[Stored data]

(* There exists a class $\mathcal{J}$ (a formula with one free variable in the language $\{e,\vdash,\circ\}$) such that $\mathsf{Seq}\vdash\phi^{\mathcal{J}}$ for every axiom $\phi$ of $\mathsf{Seq}^*$. Furthermore, writing $x\preceq y$ for $\exists z\in\mathcal{J}\,[y=x\circ z]$, the theory $\mathsf{Seq}$ proves that $\preceq$ is reflexive and transitive, that $\forall y\in\mathcal{J}\,\forall x\,[x\preceq y\rightarrow x\in\mathcal{J}]$, and that $\forall w\,[e\vdash w\in\mathcal{J}]$.
   Context: $\mathsf{Seq}$ is the theory in the language $\{e,\vdash,\circ\}$ ($e$ constant, $\vdash$ and $\circ$ binary functions) with axioms: ($\mathsf{Seq}_1$) $\forall xy[x\vdash y\neq e]$; ($\mathsf{Seq}_2$) $\forall x_1x_2y_1y_2[x_1\vdash x_2=y_1\vdash y_2\rightarrow(x_1=y_1\wedge x_2=y_2)]$; ($\mathsf{Seq}_3$) $\forall x[x\circ e=x]$; ($\mathsf{Seq}_4$) $\forall xyz[x\circ(y\vdash z)=(x\circ y)\vdash z]$; ($\mathsf{Seq}_5$) $\forall x[x=e\vee\exists yz[x=y\vdash z]]$. $\mathsf{Seq}^*$ is the theory with axioms $\mathsf{Seq}_1$, $\mathsf{Seq}_2$, $\mathsf{Seq}_4$ and ($\mathsf{Seq}^*_3$) $\forall x[x\circ e=x\wedge e\circ x=x]$, ($\mathsf{Seq}^*_5$) $\forall xyzw[x\circ y=z\circ w\leftrightarrow\exists u[(z=x\circ u\wedge u\circ w=y)\vee(x=z\circ u\wedge u\circ y=w)]]$. For a class $K$ and formula $\phi$, the relativization $\phi^K$ is defined by: $\phi^K=\phi$ for atomic $\phi$, commuting with propositional connectives, $(\forall x\phi)^K=\forall x[K(x)\rightarrow\phi^K]$, $(\exists x\phi)^K=\exists x[K(x)\wedge\phi^K]$. $x\in K$ means $K(x)$. *)

From Stdlib Require Import Arith.

Inductive term : Type :=
| tvar : nat -> term
| te : term
| tturn : term -> term -> term
| tcirc : term -> term -> term.

Inductive form : Type :=
| feq : term -> term -> form
| ffalse : form
| fneg : form -> form
| fand : form -> form -> form
| f_or : form -> form -> form
| fimp : form -> form -> form
| fiff : form -> form -> form
| fall : form -> form   (* binds de Bruijn variable 0 *)
| fex : form -> form.

Record structure : Type := {
  dom : Type;
  ie : dom;
  iturn : dom -> dom -> dom;
  icirc : dom -> dom -> dom }.

Definition scons {A : Type} (a : A) (rho : nat -> A) : nat -> A :=
  fun n => match n with 0 => a | S k => rho k end.

Fixpoint eval (M : structure) (rho : nat -> dom M) (t : term) : dom M :=
  match t with
  | tvar n => rho n
  | te => ie M
  | tturn a b => iturn M (eval M rho a) (eval M rho b)
  | tcirc a b => icirc M (eval M rho a) (eval M rho b)
  end.

Fixpoint sat (M : structure) (rho : nat -> dom M) (f : form) : Prop :=
  match f with
  | feq a b => eval M rho a = eval M rho b
  | ffalse => False
  | fneg g => ~ sat M rho g
  | fand g h => sat M rho g /\ sat M rho h
  | f_or g h => sat M rho g \/ sat M rho h
  | fimp g h => sat M rho g -> sat M rho h
  | fiff g h => (sat M rho g <-> sat M rho h)
  | fall g => forall d : dom M, sat M (scons d rho) g
  | fex g => exists d : dom M, sat M (scons d rho) g
  end.

Fixpoint tbounded (n : nat) (t : term) : Prop :=
  match t with
  | tvar k => k < n
  | te => True
  | tturn a b | tcirc a b => tbounded n a /\ tbounded n b
  end.

Fixpoint fbounded (n : nat) (f : form) : Prop :=
  match f with
  | feq a b => tbounded n a /\ tbounded n b
  | ffalse => True
  | fneg g => fbounded n g
  | fand g h | f_or g h | fimp g h | fiff g h => fbounded n g /\ fbounded n h
  | fall g | fex g => fbounded (S n) g
  end.

(* Relativization phi^K to a class K, i.e. a formula whose only free variable
   is de Bruijn 0. Under a new binder the bound variable is index 0, so K is
   inserted unchanged. *)
Fixpoint rel (K : form) (f : form) : form :=
  match f with
  | feq a b => feq a b
  | ffalse => ffalse
  | fneg g => fneg (rel K g)
  | fand g h => fand (rel K g) (rel K h)
  | f_or g h => f_or (rel K g) (rel K h)
  | fimp g h => fimp (rel K g) (rel K h)
  | fiff g h => fiff (rel K g) (rel K h)
  | fall g => fall (fimp K (rel K g))
  | fex g => fex (fand K (rel K g))
  end.

Notation v := tvar.

Definition Seq1 : form := fall (fall (fneg (feq (tturn (v 1) (v 0)) te))).
Definition Seq2 : form :=
  fall (fall (fall (fall
    (fimp (feq (tturn (v 3) (v 2)) (tturn (v 1) (v 0)))
          (fand (feq (v 3) (v 1)) (feq (v 2) (v 0))))))).
Definition Seq3 : form := fall (feq (tcirc (v 0) te) (v 0)).
Definition Seq4 : form :=
  fall (fall (fall
    (feq (tcirc (v 2) (tturn (v 1) (v 0))) (tturn (tcirc (v 2) (v 1)) (v 0))))).
Definition Seq5 : form :=
  fall (f_or (feq (v 0) te) (fex (fex (feq (v 2) (tturn (v 1) (v 0)))))).

Definition Seq3s : form :=
  fall (fand (feq (tcirc (v 0) te) (v 0)) (feq (tcirc te (v 0)) (v 0))).
(* forall x y z w [x o y = z o w <-> exists u [(z = x o u /\ u o w = y)
                                               \/ (x = z o u /\ u o y = w)]] *)
Definition Seq5s : form :=
  fall (fall (fall (fall
    (fiff (feq (tcirc (v 3) (v 2)) (tcirc (v 1) (v 0)))
          (fex (f_or
             (fand (feq (v 2) (tcirc (v 4) (v 0))) (feq (tcirc (v 0) (v 1)) (v 3)))
             (fand (feq (v 4) (tcirc (v 2) (v 0))) (feq (tcirc (v 0) (v 3)) (v 1))))))))).

Definition Seq_axiom (phi : form) : Prop :=
  phi = Seq1 \/ phi = Seq2 \/ phi = Seq3 \/ phi = Seq4 \/ phi = Seq5.

Definition SeqStar_axiom (phi : form) : Prop :=
  phi = Seq1 \/ phi = Seq2 \/ phi = Seq3s \/ phi = Seq4 \/ phi = Seq5s.

Definition model_of (T : form -> Prop) (M : structure) : Prop :=
  forall phi, T phi -> forall rho : nat -> dom M, sat M rho phi.

(* T |- phi, read semantically (equivalent by Goedel's completeness theorem):
   phi holds in every model of T under every assignment. *)
Definition proves (T : form -> Prop) (phi : form) : Prop :=
  forall M : structure, model_of T M -> forall rho : nat -> dom M, sat M rho phi.

Definition inK (M : structure) (K : form) (x : dom M) : Prop :=
  sat M (scons x (fun _ => x)) K.

Definition preceq (M : structure) (K : form) (x y : dom M) : Prop :=
  exists z, inK M K z /\ y = icirc M x z.

From Stdlib Require Import Setoid.

(** Call [w] Seq*-regular when [e ∘ w = w], [∘] associates with [w] on the
    right, and the decomposition axiom Seq*5 holds with [w] as last factor.
    The class [J] is cut out of the regular elements by two rounds of
    shortening: first keep the [w] such that right multiplication by [w]
    preserves regularity, then keep those of them whose left factors [u]
    (with [u ∘ w] kept) are kept as well.  Seq proves that [e] is regular and
    that regularity passes from [w] to [w ⊢ a] and back (Seq2, Seq4, Seq5
    peel off the last element), so [J] contains [e], is closed under [⊢] and
    [∘], and contains every left factor of its elements.  In [J] the axioms of
    Seq* then hold relativized, the witness of Seq*5 being a left factor. *)

Fixpoint tlift (t : term) : term :=
  match t with
  | tvar n => tvar (S n)
  | te => te
  | tturn a b => tturn (tlift a) (tlift b)
  | tcirc a b => tcirc (tlift a) (tlift b)
  end.

Lemma eval_tlift (M : structure) (rho : nat -> dom M) (d : dom M) (t : term) :
  eval M (scons d rho) (tlift t) = eval M rho t.
Proof. induction t; cbn; congruence. Qed.

Definition seqstar_regular_form (t : term) : form :=
  let t2 := tlift (tlift t) in
  let t3 := tlift t2 in
  let t4 := tlift t3 in
  fand (feq (tcirc te t) t)
    (fand (fall (fall (feq (tcirc (tcirc (v 1) (v 0)) t2) (tcirc (v 1) (tcirc (v 0) t2)))))
       (fall (fall (fall (fimp (feq (tcirc (v 2) (v 1)) (tcirc (v 0) t3))
          (fex (f_or
             (fand (feq (v 1) (tcirc (v 3) (v 0))) (feq (tcirc (v 0) t4) (v 2)))
             (fand (feq (v 3) (tcirc (v 1) (v 0))) (feq (tcirc (v 0) (v 2)) t4))))))))).

Definition seqstar_stable_form (t : term) : form :=
  fand (seqstar_regular_form t)
    (fall (fimp (seqstar_regular_form (v 0))
                (seqstar_regular_form (tcirc (v 0) (tlift t))))).

Definition J_form (t : term) : form :=
  fand (seqstar_stable_form t)
    (fall (fimp (seqstar_stable_form (tcirc (v 0) (tlift t)))
                (seqstar_stable_form (v 0)))).

Definition J : form := J_form (v 0).

Lemma J_bounded : fbounded 1 J.
Proof. cbn; repeat split; repeat constructor. Qed.

Section Semantics.

Variable M : structure.

Local Notation e := (ie M).
Local Infix "⊢" := (iturn M) (at level 40, left associativity).
Local Infix "∘" := (icirc M) (at level 40, left associativity).

Definition seqstar_regular (w : dom M) : Prop :=
  e ∘ w = w /\
  (forall x y, x ∘ y ∘ w = x ∘ (y ∘ w)) /\
  (forall x y z, x ∘ y = z ∘ w ->
     exists u, (z = x ∘ u /\ u ∘ w = y) \/ (x = z ∘ u /\ u ∘ y = w)).

Definition seqstar_stable (w : dom M) : Prop :=
  seqstar_regular w /\ forall x, seqstar_regular x -> seqstar_regular (x ∘ w).

Definition in_J (w : dom M) : Prop :=
  seqstar_stable w /\ forall u, seqstar_stable (u ∘ w) -> seqstar_stable u.

Lemma sat_seqstar_regular_form rho t :
  sat M rho (seqstar_regular_form t) <-> seqstar_regular (eval M rho t).
Proof. cbn. repeat setoid_rewrite eval_tlift. reflexivity. Qed.

Lemma sat_seqstar_stable_form rho t :
  sat M rho (seqstar_stable_form t) <-> seqstar_stable (eval M rho t).
Proof.
  cbn [seqstar_stable_form sat]. setoid_rewrite sat_seqstar_regular_form.
  cbn. setoid_rewrite eval_tlift. reflexivity.
Qed.

Lemma sat_J_form rho t : sat M rho (J_form t) <-> in_J (eval M rho t).
Proof.
  cbn [J_form sat]. setoid_rewrite sat_seqstar_stable_form.
  cbn. setoid_rewrite eval_tlift. reflexivity.
Qed.

Lemma sat_J d rho : sat M (scons d rho) J <-> in_J d.
Proof. apply sat_J_form. Qed.

Lemma inK_J x : inK M J x <-> in_J x.
Proof. apply sat_J. Qed.

Lemma preceq_J x y : preceq M J x y <-> exists z, in_J z /\ y = x ∘ z.
Proof. unfold preceq. setoid_rewrite inK_J. reflexivity. Qed.

Hypothesis HM : model_of Seq_axiom M.

Lemma seq1 x y : x ⊢ y <> e.
Proof. exact (HM Seq1 ltac:(red; tauto) (fun _ => e) x y). Qed.

Lemma seq2 x1 x2 y1 y2 : x1 ⊢ x2 = y1 ⊢ y2 -> x1 = y1 /\ x2 = y2.
Proof. exact (HM Seq2 ltac:(red; tauto) (fun _ => e) x1 x2 y1 y2). Qed.

Lemma seq3 x : x ∘ e = x.
Proof. exact (HM Seq3 ltac:(red; tauto) (fun _ => e) x). Qed.

Lemma seq4 x y z : x ∘ (y ⊢ z) = x ∘ y ⊢ z.
Proof. exact (HM Seq4 ltac:(red; tauto) (fun _ => e) x y z). Qed.

Lemma seq5 x : x = e \/ exists y z, x = y ⊢ z.
Proof. exact (HM Seq5 ltac:(red; tauto) (fun _ => e) x). Qed.

Lemma seqstar_regular_e : seqstar_regular e.
Proof.
  split; [|split].
  - apply seq3.
  - intros x y; rewrite !seq3; reflexivity.
  - intros x y z Hxy. rewrite seq3 in Hxy. exists y. left. split; [auto | apply seq3].
Qed.

Lemma seqstar_regular_turn w a : seqstar_regular w -> seqstar_regular (w ⊢ a).
Proof.
  intros (Hunit & Hassoc & Hsplit). split; [|split].
  - rewrite seq4, Hunit; reflexivity.
  - intros x y; rewrite !seq4, Hassoc; reflexivity.
  - intros x y z Hxy. destruct (seq5 y) as [-> | (y' & b & ->)].
    + exists (w ⊢ a). right. rewrite seq3 in Hxy. split; [exact Hxy | apply seq3].
    + rewrite !seq4 in Hxy. apply seq2 in Hxy as [Hxy ->].
      destruct (Hsplit _ _ _ Hxy) as [u [[Hz Hy] | [Hx Hw]]]; exists u.
      * left. rewrite seq4, Hy. auto.
      * right. rewrite seq4, Hw. auto.
Qed.

Lemma seqstar_regular_turn_inv w a : seqstar_regular (w ⊢ a) -> seqstar_regular w.
Proof.
  intros (Hunit & Hassoc & Hsplit). split; [|split].
  - rewrite seq4 in Hunit. apply seq2 in Hunit. tauto.
  - intros x y. specialize (Hassoc x y). rewrite !seq4 in Hassoc.
    apply seq2 in Hassoc. tauto.
  - intros x y z Hxy.
    assert (Hxya : x ∘ (y ⊢ a) = z ∘ (w ⊢ a)) by (rewrite !seq4, Hxy; reflexivity).
    destruct (Hsplit _ _ _ Hxya) as [u [[Hz Hu] | [Hx Hu]]]; exists u;
      rewrite seq4 in Hu; apply seq2 in Hu as [Hu _]; auto.
Qed.

Lemma seqstar_regular_assoc w x y : seqstar_regular w -> x ∘ y ∘ w = x ∘ (y ∘ w).
Proof. intros (_ & Hassoc & _). apply Hassoc. Qed.

Lemma seqstar_stable_e : seqstar_stable e.
Proof. split; [apply seqstar_regular_e | intros x; rewrite seq3; auto]. Qed.

Lemma seqstar_stable_turn w a : seqstar_stable w -> seqstar_stable (w ⊢ a).
Proof.
  intros [Hw Hmul]. split; [now apply seqstar_regular_turn |].
  intros x Hx. rewrite seq4. apply seqstar_regular_turn; auto.
Qed.

Lemma seqstar_stable_turn_inv w a : seqstar_stable (w ⊢ a) -> seqstar_stable w.
Proof.
  intros [Hw Hmul]. split; [now apply seqstar_regular_turn_inv in Hw |].
  intros x Hx. specialize (Hmul x Hx). rewrite seq4 in Hmul.
  now apply seqstar_regular_turn_inv in Hmul.
Qed.

Lemma seqstar_stable_circ v w : seqstar_stable v -> seqstar_stable w -> seqstar_stable (v ∘ w).
Proof.
  intros [Hv Hvmul] [Hw Hwmul]. split; [auto |].
  intros x Hx. rewrite <- seqstar_regular_assoc by exact Hw. auto.
Qed.

Lemma in_J_regular w : in_J w -> seqstar_regular w.
Proof. intros [[Hw _] _]; exact Hw. Qed.

Lemma in_J_e : in_J e.
Proof. split; [apply seqstar_stable_e | intros u; rewrite seq3; auto]. Qed.

Lemma in_J_turn w a : in_J w -> in_J (w ⊢ a).
Proof.
  intros [Hw Hfactor]. split; [now apply seqstar_stable_turn |].
  intros u Hu. rewrite seq4 in Hu. apply seqstar_stable_turn_inv in Hu. auto.
Qed.

Lemma in_J_circ v w : in_J v -> in_J w -> in_J (v ∘ w).
Proof.
  intros [Hv Hvfactor] [Hw Hwfactor]. split; [now apply seqstar_stable_circ |].
  intros u Hu. rewrite <- seqstar_regular_assoc in Hu by apply Hw. auto.
Qed.

Lemma in_J_left_factor x w : in_J (x ∘ w) -> in_J w -> in_J x.
Proof.
  intros [Hxw Hxwfactor] [Hw Hwfactor]. split; [auto |].
  intros u Hu. apply Hxwfactor.
  rewrite <- seqstar_regular_assoc by apply Hw. now apply seqstar_stable_circ.
Qed.

Lemma in_J_split x y z w : in_J y -> in_J w ->
  (x ∘ y = z ∘ w <->
   exists u, in_J u /\ ((z = x ∘ u /\ u ∘ w = y) \/ (x = z ∘ u /\ u ∘ y = w))).
Proof.
  intros Hy Hw. split.
  - intros Hxy. destruct (in_J_regular _ Hw) as (_ & _ & Hsplit).
    destruct (Hsplit _ _ _ Hxy) as [u [[Hz Hu] | [Hx Hu]]];
      exists u; split; auto.
    + apply (in_J_left_factor u w); congruence.
    + apply (in_J_left_factor u y); congruence.
  - intros (u & _ & [[-> <-] | [-> <-]]).
    + symmetry. apply seqstar_regular_assoc, in_J_regular, Hw.
    + apply seqstar_regular_assoc, in_J_regular, Hy.
Qed.

End Semantics.

Lemma rel_J_SeqStar_axiom phi : SeqStar_axiom phi -> proves Seq_axiom (rel J phi).
Proof.
  intros Hphi M HM rho.
  destruct Hphi as [-> | [-> | [-> | [-> | ->]]]]; cbn [Seq1 Seq2 Seq3s Seq4 Seq5s rel sat eval scons];
    repeat setoid_rewrite sat_J.
  - intros; apply seq1, HM.
  - intros; apply seq2; auto.
  - intros x Hx. split; [apply seq3, HM | apply in_J_regular, Hx].
  - intros; apply seq4, HM.
  - intros x _ y Hy z _ w Hw. apply in_J_split; auto.
Qed.

Theorem lemma5 :
  exists J : form,
    fbounded 1 J /\
    (forall phi, SeqStar_axiom phi -> proves Seq_axiom (rel J phi)) /\
    (forall M : structure, model_of Seq_axiom M ->
       (forall x : dom M, preceq M J x x) /\
       (forall x y z : dom M, preceq M J x y -> preceq M J y z -> preceq M J x z) /\
       (forall y : dom M, inK M J y -> forall x : dom M, preceq M J x y -> inK M J x) /\
       (forall w : dom M, inK M J (iturn M (ie M) w))).
Proof.
  exists J. split; [exact J_bounded | split; [exact rel_J_SeqStar_axiom |]].
  intros M HM. setoid_rewrite preceq_J. setoid_rewrite inK_J.
  split; [| split; [| split]].
  - intros x. exists (ie M). split; [apply in_J_e, HM | symmetry; apply seq3, HM].
  - intros x y z (u & Hu & ->) (u' & Hu' & ->). exists (icirc M u u').
    split; [now apply in_J_circ |].
    apply seqstar_regular_assoc, in_J_regular, Hu'.
  - intros y Hy x (u & Hu & ->). now apply in_J_left_factor with u.
  - intros w. apply in_J_turn, in_J_e; exact HM.
Qed.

§ **What is needed**
The stretch of entries above that starts with the line containing "(iturn M) (at level 40, left associativity)." and goes on through the line containing "Definition in_J (w" is to be transcribed exactly, and no other line is to be transcribed.

§ **Your solution**
Local Infix "⊢" := (iturn M) (at level 40, left associativity).
Local Infix "∘" := (icirc M) (at level 40, left associativity).

Definition seqstar_regular (w : dom M) : Prop :=
  e ∘ w = w /\
  (forall x y, x ∘ y ∘ w = x ∘ (y ∘ w)) /\
  (forall x y z, x ∘ y = z ∘ w ->
     exists u, (z = x ∘ u /\ u ∘ w = y) \/ (x = z ∘ u /\ u ∘ y = w)).

Definition seqstar_stable (w : dom M) : Prop :=
  seqstar_regular w /\ forall x, seqstar_regular x -> seqstar_regular (x ∘ w).

Definition in_J (w : dom M) : Prop :=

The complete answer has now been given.